**YOUR INSTRUCTIONS**
When a line in the records includes the string "Ordinal", it goes into the tally; report that tally alone.

── DATA FOR PROCESSING

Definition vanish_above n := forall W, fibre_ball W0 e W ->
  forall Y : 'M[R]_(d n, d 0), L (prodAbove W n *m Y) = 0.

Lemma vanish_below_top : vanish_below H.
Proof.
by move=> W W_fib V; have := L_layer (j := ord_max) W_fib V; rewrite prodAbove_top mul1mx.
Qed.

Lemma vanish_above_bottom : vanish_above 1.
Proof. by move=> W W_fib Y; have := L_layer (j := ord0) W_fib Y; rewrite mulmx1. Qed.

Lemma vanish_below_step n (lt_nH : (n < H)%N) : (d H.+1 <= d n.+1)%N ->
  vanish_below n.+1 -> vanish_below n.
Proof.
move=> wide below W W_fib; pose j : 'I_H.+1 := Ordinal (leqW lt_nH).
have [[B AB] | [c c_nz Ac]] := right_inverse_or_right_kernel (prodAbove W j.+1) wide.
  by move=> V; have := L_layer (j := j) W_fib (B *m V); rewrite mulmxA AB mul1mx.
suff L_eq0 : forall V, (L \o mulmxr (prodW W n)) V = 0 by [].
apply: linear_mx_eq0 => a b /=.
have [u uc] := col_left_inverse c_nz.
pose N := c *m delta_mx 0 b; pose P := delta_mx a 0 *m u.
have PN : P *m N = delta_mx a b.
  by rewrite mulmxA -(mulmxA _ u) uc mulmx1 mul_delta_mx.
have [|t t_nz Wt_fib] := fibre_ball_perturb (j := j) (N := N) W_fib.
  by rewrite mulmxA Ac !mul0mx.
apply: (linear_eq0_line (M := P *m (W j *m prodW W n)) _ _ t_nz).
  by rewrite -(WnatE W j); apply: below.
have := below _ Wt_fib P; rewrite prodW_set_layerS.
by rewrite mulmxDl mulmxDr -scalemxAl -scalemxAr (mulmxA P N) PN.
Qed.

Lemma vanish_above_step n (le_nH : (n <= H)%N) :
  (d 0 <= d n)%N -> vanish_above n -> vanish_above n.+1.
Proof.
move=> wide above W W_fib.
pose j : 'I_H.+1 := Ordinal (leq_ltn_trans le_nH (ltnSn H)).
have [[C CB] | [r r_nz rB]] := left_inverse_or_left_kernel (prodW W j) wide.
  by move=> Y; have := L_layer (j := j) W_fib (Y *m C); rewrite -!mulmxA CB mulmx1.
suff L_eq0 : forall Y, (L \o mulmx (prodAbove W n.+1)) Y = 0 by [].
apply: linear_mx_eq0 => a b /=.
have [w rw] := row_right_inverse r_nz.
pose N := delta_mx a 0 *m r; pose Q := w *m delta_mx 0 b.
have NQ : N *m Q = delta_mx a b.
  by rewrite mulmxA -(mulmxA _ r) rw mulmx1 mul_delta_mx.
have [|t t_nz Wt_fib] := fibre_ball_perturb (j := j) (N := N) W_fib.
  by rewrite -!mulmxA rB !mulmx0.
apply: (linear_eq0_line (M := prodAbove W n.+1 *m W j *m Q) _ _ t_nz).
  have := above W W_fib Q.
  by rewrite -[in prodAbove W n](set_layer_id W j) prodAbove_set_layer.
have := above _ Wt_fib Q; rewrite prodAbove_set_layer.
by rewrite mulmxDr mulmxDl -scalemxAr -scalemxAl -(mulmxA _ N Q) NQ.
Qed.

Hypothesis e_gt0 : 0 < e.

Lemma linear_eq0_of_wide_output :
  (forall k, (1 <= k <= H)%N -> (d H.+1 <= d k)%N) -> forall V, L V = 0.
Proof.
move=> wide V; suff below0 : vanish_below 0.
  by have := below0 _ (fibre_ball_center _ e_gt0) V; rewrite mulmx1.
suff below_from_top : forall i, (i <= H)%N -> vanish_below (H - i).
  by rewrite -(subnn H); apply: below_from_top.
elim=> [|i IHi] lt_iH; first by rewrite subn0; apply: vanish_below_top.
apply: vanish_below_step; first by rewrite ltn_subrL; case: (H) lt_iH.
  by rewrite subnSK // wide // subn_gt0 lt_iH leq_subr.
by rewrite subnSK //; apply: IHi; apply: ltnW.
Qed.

────

**SOLUTION FOR THIS TASK**
2